La filière cacao ivoirienne traverse une nouvelle zone de turbulences. À la contestation des prix bord champ s’ajoutent désormais des accusations de dysfonctionnements dans la gestion des stocks, sur fond de pertes estimées à plusieurs milliards de francs CFA.
Sur le terrain, la colère des planteurs ne faiblit pas. En cause : le non-respect présumé du prix officiel de 2 800 FCFA/kg pour la grande campagne. De nombreux producteurs affirment n’avoir jamais perçu ce tarif, dénonçant des pratiques opaques dans les circuits d’achat.
Selon plusieurs témoignages de coopératives, des intermédiaires – pisteurs et traitants – achèteraient le cacao à des prix inférieurs, généralement compris entre 2 300 et 2 400 FCFA/kg, tout en déclarant les volumes au tarif officiel. La différence serait ainsi captée en marge, alimentant des soupçons de détournement estimés à près de 11 milliards de FCFA.
Cette situation serait aggravée par l’arrêt précoce de la grande traite. Les volumes restants auraient dû être écoulés au prix de la petite traite, autour de 1 200 FCFA/kg, mais des incohérences persistent dans l’application des prix sur le terrain.
L’OIA au cœur des tensions
À cette crise des prix s’ajoute une vive controverse autour de la gestion des stocks résiduels. La décision du Conseil Café-Cacao de confier à l’Organisation interprofessionnelle agricole de la filière café-cacao l’enlèvement de 23 800 tonnes de cacao suscite une forte opposition.
Plusieurs sociétés coopératives dénoncent une décision « inopportune » et contestent la légitimité de cette structure, jugée encore trop récente pour piloter une opération d’une telle envergure.

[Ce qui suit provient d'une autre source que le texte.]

(* Let $P\in\mathfrak N^{LS}_2$ with $h_P\ge2$ and let $r:P\to R$ be a retraction such that $R(0)$ is a 2-element antichain. (1) $R(0)\subseteq P(0)\cup P(1)$ and $R(0)\cap P(0)\neq\emptyset$; moreover, if $R(0)\cap P(1)\neq\emptyset$, then $h_R\ge1$ and $R(1\to h_R)$ is a retract of $P(2\to h_P)$. (2) There is a retraction $s:P\to S$ with $S\cong R$, $S(0)\subseteq P(0)$, $s[P(0)]=S(0)$, and $s^{-1}(p)=\{p\}$ for some $p\in S(0)$.
   Context: All posets are finite; $h_P$ is the height; level sets $P(0)=\min P$, $P(k+1)=\min(P\setminus\bigcup_{i\le k}P(i))$; $P(k\to\ell)=\bigcup_{i=k}^\ell P(i)$ as induced subposet. Level sets $R(\ell)$ and $R(k\to\ell)$ of a retract $R$ refer to $R$'s own levels. $A<B$ means $a<b$ for all $a\in A,b\in B$. A retraction $r:P\to R$ is an idempotent order-preserving self-map with image $R$. A section of width three is a poset $P$ of height $h_P\ge1$ with carrier $\{c_{k,j}:k\in[0,h_P],j\in\{0,1,2\}\}$ such that: $c_{0,j}<\dots<c_{h_P,j}$ for each $j$; each $\{c_{k,0},c_{k,1},c_{k,2}\}$ is an antichain; $c_{k,i}<c_{\ell,j}\Rightarrow c_{k,i+1}<c_{\ell,j+1}$ (indices mod 3); and for no $k$ is $P(k)<P(k+1)$. It is nice if for all $x<y$: $\{z:z>x\}\not\subseteq\{z:z\ge y\}$ and $\{z:z<y\}\not\subseteq\{z:z\le x\}$. $\mathfrak N_2$ is the class of nice sections of width three of height $\ge2$ with horizon 2 (i.e. $P(k)<P(\ell)$ whenever $\ell\ge k+2$). $\mathfrak N^{LS}_2=\{P(0\to h_P-1):P\in\mathfrak N_2\}$ (lower segments). Each consecutive level pair $P(k)\cup P(k+1)$ of such posets is a 6-crown ($x_0<y_0>x_1<y_1>x_2<y_2>x_0$, no other comparabilities) or of type $3C$ (three disjoint 2-chains), and $P(0)\cup P(1)$ is a 6-crown for $P\in\mathfrak N^{LS}_2$ with $h_P\ge1$. *)

(* Posets are finite partial orders: a finPOrderType T.
   Subposets are subsets A : {set T} carrying the induced order. *)
From mathcomp Require Import all_boot all_order.
Set Implicit Arguments. Unset Strict Implicit. Unset Printing Implicit Defensive.
Import Order.TTheory.
Local Open Scope order_scope.

Section Defs.
Context {d : Order.disp_t} {T : finPOrderType d}.
Implicit Types (A B : {set T}).

Definition minimals A : {set T} := [set x in A | [forall y in A, ~~ (y < x)]].

Fixpoint rest A (k : nat) : {set T} :=
  match k with
  | 0 => A
  | k'.+1 => rest A k' :\: minimals (rest A k')
  end.

(* level sets: A(0) = min A, A(k+1) = min (A \ U_{i<=k} A(i)) *)
Definition level A (k : nat) : {set T} := minimals (rest A k).

(* height: the largest index of a nonempty level (0 for the empty poset) *)
Definition height A : nat := (\max_(k < #|A|.+1 | level A k != set0) k)%N.

(* A(k -> l) = union of the levels k..l of A *)
Definition segment A (k l : nat) : {set T} :=
  \bigcup_(k <= i < l.+1) level A i.

Definition set_lt A B : Prop := forall a b, a \in A -> b \in B -> a < b.

Definition antichain A : Prop :=
  forall x y, x \in A -> y \in A -> x != y -> ~~ (x >=< y).

Definition retraction_on A (r : T -> T) : Prop :=
  [/\ {in A, forall x, r x \in A},
      {in A &, forall x y, x <= y -> r x <= r y} &
      {in A, forall x, r (r x) = r x}].

Definition is_retract A B : Prop :=
  exists r : T -> T, retraction_on A r /\ B = r @: A.

Definition iso_sub A B : Prop :=
  exists f : T -> T,
    [/\ {in A &, injective f}, f @: A = B &
        {in A &, forall x y, (f x <= f y) = (x <= y)}].

(* The whole type T is a section of width three, with carrier
   c : 'I_(h+1) -> 'I_3 -> T (c k j = c_{k,j}) *)
Definition section3 (h : nat) (c : 'I_h.+1 -> 'I_3 -> T) : Prop :=
  [/\ (1 <= h)%N, height [set: T] = h,
      (forall t : T, exists k j, c k j = t) &
      (forall k j k' j', c k j = c k' j' -> k = k' /\ j = j')] /\
  [/\ (forall (k l : 'I_h.+1) (j : 'I_3), (k < l)%N -> c k j < c l j),
      (forall (k : 'I_h.+1) (i j : 'I_3), i != j -> ~~ (c k i >=< c k j)),
      (forall (k l : 'I_h.+1) (i j : 'I_3),
          c k i < c l j -> c k (ordS i) < c l (ordS j)) &
      (forall k : nat, (k < h)%N ->
          ~ set_lt (level [set: T] k) (level [set: T] k.+1))].

Definition nice_whole : Prop :=
  forall x y : T, x < y ->
    (exists z, x < z /\ ~~ (y <= z)) /\ (exists z, z < y /\ ~~ (z <= x)).

Definition horizon2_whole : Prop :=
  forall k l : nat, (k.+2 <= l)%N -> set_lt (level [set: T] k) (level [set: T] l).

Definition in_N2 : Prop :=
  exists h (c : 'I_h.+1 -> 'I_3 -> T),
    [/\ section3 c, (2 <= h)%N, nice_whole & horizon2_whole].

Definition lower_segment : {set T} :=
  segment [set: T] 0 (height [set: T]).-1.

End Defs.

(* The retraction r sends every point of P lying below a minimal point y of
   R = r(P) to y itself, so the two minimal points a, b of R have no common
   lower bound in P. Horizon 2 puts all of P(0) below P(2 -> h), and any two
   points of P(1) share a lower bound in P(0) (P(0) u P(1) is a 6-crown);
   hence one of a, b lies in P(0) and the other in P(0) u P(1).
   If b lies in P(1), then r maps P(2 -> h) into R \ {a, b} = R(1 -> h_R), and
   composing r with the map replacing b by a point m of P(0) below b yields S.
   If a, b both lie in P(0), the third minimal point c of P is sent to
   whichever of a, b lies below r c instead. In both cases the remaining
   minimal point of S has a singleton fibre, since every point outside P(0)
   lies above two distinct points of P(0). *)

From mathcomp Require Import all_boot all_order.
Set Implicit Arguments. Unset Strict Implicit. Unset Printing Implicit Defensive.
Import Order.TTheory.
Local Open Scope order_scope.

Section Levels.
Context {d : Order.disp_t} {T : finPOrderType d}.
Implicit Types (A B : {set T}) (x y : T).

Lemma minimalsP A x :
  reflect (x \in A /\ forall y, y \in A -> ~~ (y < x)) (x \in minimals A).
Proof. by rewrite inE; apply: (iffP andP) => -[xA /forall_inP]. Qed.

Lemma minimals_sub A : minimals A \subset A.
Proof. by apply/subsetP => x /minimalsP[]. Qed.

Lemma minimals_le_eq A x y : x \in minimals A -> y \in A -> y <= x -> y = x.
Proof.
move=> /minimalsP[_ xmin] yA; rewrite le_eqVlt => /predU1P[//|yx].
by have := xmin y yA; rewrite yx.
Qed.

Lemma minimals_subset A B x : B \subset A -> x \in B -> x \in minimals A ->
  x \in minimals B.
Proof.
move=> BA xB /minimalsP[_ xmin]; apply/minimalsP; split=> // y yB.
exact: xmin (subsetP BA y yB).
Qed.

Lemma minimals_below A x : x \in A -> exists2 m, m \in minimals A & m <= x.
Proof.
move=> xA; pose below_x y := (y \in A) && (y <= x).
have xB : below_x x by rewrite /below_x xA lexx.
case: (arg_minnP (fun y => #|[set z in A | z < y]|) xB) => m /andP[mA mx] mmin.
exists m => //; apply/minimalsP; split=> // y yA; apply/negP => ym.
have := mmin y; rewrite /below_x yA (le_trans (ltW ym) mx) => /(_ isT).
apply/negP; rewrite -ltnNge; apply: proper_card; apply/properP; split.
  by apply/subsetP => z; rewrite !inE => /andP[-> /lt_trans]; apply.
by exists y; rewrite !inE ?yA ?ym ?ltxx.
Qed.

Lemma minimals_imset A (f : T -> T) :
  {in A &, forall x y, (f x <= f y) = (x <= y)} ->
  minimals (f @: A) = f @: minimals A.
Proof.
move=> fle; have flt : {in A &, forall x y, (f x < f y) = (x < y)}.
  by move=> x y xA yA; rewrite !lt_leAnge !fle.
apply/setP => y; apply/idP/imsetP => [/minimalsP[/imsetP[x xA ->] ymin]|].
  exists x => //; apply/minimalsP; split=> // z zA.
  by rewrite -flt // ymin // imset_f.
case=> x /minimalsP[xA xmin] ->; apply/minimalsP; split; first exact: imset_f.
by move=> _ /imsetP[z zA ->]; rewrite flt // xmin.
Qed.

Lemma rest_sub A k : rest A k \subset A.
Proof.
by elim: k => [|k IH] /=; [exact: subxx | exact: subset_trans (subsetDl _ _) IH].
Qed.

Lemma rest_decr A i j : (i <= j)%N -> rest A j \subset rest A i.
Proof.
move=> /subnK <-; elim: (j - i)%N => [|n IH] /=; first exact: subxx.
exact: subset_trans (subsetDl _ _) IH.
Qed.

Lemma level_rest A k : level A k \subset rest A k.
Proof. exact: minimals_sub. Qed.

Lemma in_level A k x : x \in level A k -> x \in A.
Proof. by move/(subsetP (level_rest A k))/(subsetP (rest_sub A k)). Qed.

Lemma level_ltn A i j x y :
  x \in level A i -> y \in level A j -> y < x -> (j < i)%N.
Proof.
move=> xi yj yx; rewrite ltnNge; apply/negP => ij.
have yr := subsetP (rest_decr A ij) y (subsetP (level_rest A j) y yj).
by have [_ /(_ y yr)] := minimalsP _ _ xi; rewrite yx.
Qed.

Lemma level_uniq A i j x : x \in level A i -> x \in level A j -> i = j.
Proof.
wlog ij : i j / (i <= j)%N => [wlog xi xj|xi xj].
  by case: (leqP i j) => [|/ltnW] ji; [exact: wlog | exact/esym/wlog].
case: (ltngtP i j) ij => // ij _.
have := subsetP (rest_decr A ij) x (subsetP (level_rest A j) x xj).
by rewrite /= inE xi.
Qed.

Lemma card_rest A k : (#|rest A k| <= #|A| - k)%N.
Proof.
elim: k => [|k IH] /=; first by rewrite subn0.
case: (set_0Vmem (rest A k)) => [->|[x xr]]; first by rewrite set0D cards0.
have [m mr _] := minimals_below xr.
have lt : (#|rest A k :\: minimals (rest A k)| < #|rest A k|)%N.
  apply: proper_card; apply/properP; split; first exact: subsetDl.
  by exists m; [exact: subsetP (minimals_sub _) _ mr | rewrite inE mr].
by rewrite subnS -ltnS (leq_trans lt) // (leq_trans IH) // leqSpred.
Qed.

Lemma level_cover A x : x \in A -> exists2 k, (k < #|A|)%N & x \in level A k.
Proof.
move=> xA.
have step k : x \in rest A k \/ exists2 i, (i < k)%N & x \in level A i.
  elim: k => [|k [xr|[i ik xi]]]; [by left | | by right; exists i => //; exact: ltnW].
  case: (boolP (x \in level A k)) => xk; first by right; exists k.
  by left; rewrite /= inE xr xk.
case: (step #|A|) => // xr.
by have := card_rest A #|A|; rewrite subnn leqn0 cards_eq0 => /eqP E; rewrite E inE in xr.
Qed.

Lemma level_leq_height A k x : x \in level A k -> (k <= height A)%N.
Proof.
move=> xk; have [k' k'A xk'] := level_cover (in_level xk).
rewrite -(level_uniq xk xk') in k'A.
have kA : (k < #|A|.+1)%N by exact: ltnW.
apply: (@leq_bigmax_cond _ (fun i : 'I_#|A|.+1 => level A i != set0) _ (Ordinal kA)).
by apply/set0Pn; exists x.
Qed.

Lemma level_height A : (0 < height A)%N -> exists x, x \in level A (height A).
Proof.
rewrite /height; case: (pickP (fun i : 'I_#|A|.+1 => level A i != set0)) => [i0 i0A|].
  rewrite (bigop.bigmax_eq_arg i0) //; case: arg_maxnP => //= i /set0Pn[x xi] _ _.
  by exists x.
by move=> none; rewrite big_pred0.
Qed.

Lemma height_gt0 A x : x \in A -> x \notin level A 0 -> (0 < height A)%N.
Proof.
move=> xA x0; have [[|k] _ xk] := level_cover xA; first by rewrite xk in x0.
exact: leq_trans (ltn0Sn k) (level_leq_height xk).
Qed.

Lemma mem_segment A i j x :
  reflect (exists k, [/\ (i <= k)%N, (k <= j)%N & x \in level A k])
          (x \in segment A i j).
Proof.
rewrite /segment (big_morph (fun B => x \in B) (in_setU x) (in_set0 x)) big_has.
apply: (iffP hasP) => [[k]|[k [ik kj xk]]].
  by rewrite mem_index_iota => /andP[ik kj] xk; exists k.
by exists k => //; rewrite mem_index_iota ik ltnS.
Qed.

Lemma mem_segment_height A k x :
  reflect (exists2 i, (k <= i)%N & x \in level A i) (x \in segment A k (height A)).
Proof.
apply: (iffP (mem_segment _ _ _ _)) => [[i [ki _ xi]]|[i ki xi]]; first by exists i.
by exists i; split=> //; exact: level_leq_height xi.
Qed.

Lemma segment1_height A : segment A 1 (height A) = A :\: level A 0.
Proof.
apply/setP => x; rewrite inE; apply/mem_segment_height/andP => [[i ki xi]|[x0 xA]].
  by split; [apply/negP => /(level_uniq xi) i0; rewrite i0 in ki | exact: in_level xi].
have [[|i] _ xi] := level_cover xA; [by rewrite xi in x0 | by exists i.+1].
Qed.

Lemma segment2_height A :
  segment A 2 (height A) = A :\: (level A 0 :|: level A 1).
Proof.
apply/setP => x; rewrite in_setD in_setU.
apply/mem_segment_height/andP => [[i ki xi]|[x01 xA]].
  split; last exact: in_level xi.
  by apply/negP => /orP[] /(level_uniq xi) ij; rewrite ij in ki.
have [[|[|i]] _ xi] := level_cover xA; rewrite ?xi ?orbT // in x01.
by exists i.+2.
Qed.

Section Downset.
Variables A B : {set T}.
Hypotheses (AB : A \subset B) (downA : {in A & B, forall x y, y < x -> y \in A}).

Lemma minimals_downset (X : {set T}) x : X \subset B ->
  (x \in minimals (A :&: X)) = (x \in A) && (x \in minimals X).
Proof.
move=> XB; case: (boolP (x \in A)) => /= xA; last first.
  by apply/negP => /minimalsP[]; rewrite inE (negbTE xA).
apply/minimalsP/minimalsP => [[/setIP[_ xX] xmin]|[xX xmin]]; split.
- by [].
- move=> y yX; apply/negP => yx.
  by have := xmin y; rewrite inE (downA xA (subsetP XB y yX) yx) yX yx => /(_ isT).
- by rewrite inE xA.
- by move=> y /setIP[_ /xmin].
Qed.

Lemma rest_downset k : rest A k = A :&: rest B k.
Proof.
elim: k => [|k IH] /=; first by apply/esym/setIidPl.
apply/setP => x; rewrite IH in_setD in_setI (minimals_downset x (rest_sub B k)).
by rewrite in_setI in_setD; case: (x \in A).
Qed.

Lemma level_downset k : level A k = A :&: level B k.
Proof.
apply/setP => x.
by rewrite /level rest_downset in_setI (minimals_downset x (rest_sub B k)).
Qed.

End Downset.
End Levels.

Section Card3.
Variable T : finType.
Implicit Types (A : {set T}) (x y z : T).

Créée en août 2025 et officialisée en décembre, l’OIA est accusée de sortir de ses prérogatives en intervenant directement dans l’achat bord champ.
À Divo comme dans l’Ouest du pays, notamment à Man et Danané, les critiques convergent : les acteurs de terrain estiment être marginalisés dans une filière qu’ils structurent au quotidien et dénoncent une forme de concurrence déloyale.
Vers une mobilisation nationale ?
Réunis le 16 avril 2026 à Yamoussoukro, les membres de l’Union nationale des sociétés coopératives agricoles leaders de Côte d’Ivoire ont unanimement rejeté l’implication de l’OIA dans l’achat des stocks résiduels. Ils appellent à confier exclusivement cette mission au Conseil Café-Cacao, jugé plus expérimenté et mieux outillé.
Les coopératives exigent également l’ouverture d’enquêtes approfondies dans les zones de production afin de faire toute la lumière sur les pratiques dénoncées. Une pétition est en préparation à l’attention des plus hautes autorités de l’État.
Dans ce climat de méfiance généralisée, la menace de grève se précise dans plusieurs bassins de production. Les planteurs réclament davantage de transparence, un encadrement renforcé des intermédiaires et le respect strict des prix officiels.
Pilier de l’économie ivoirienne, la filière cacao se retrouve ainsi confrontée à des défis structurels majeurs, où gouvernance, équité et régulation apparaissent plus que jamais au cœur des enjeux.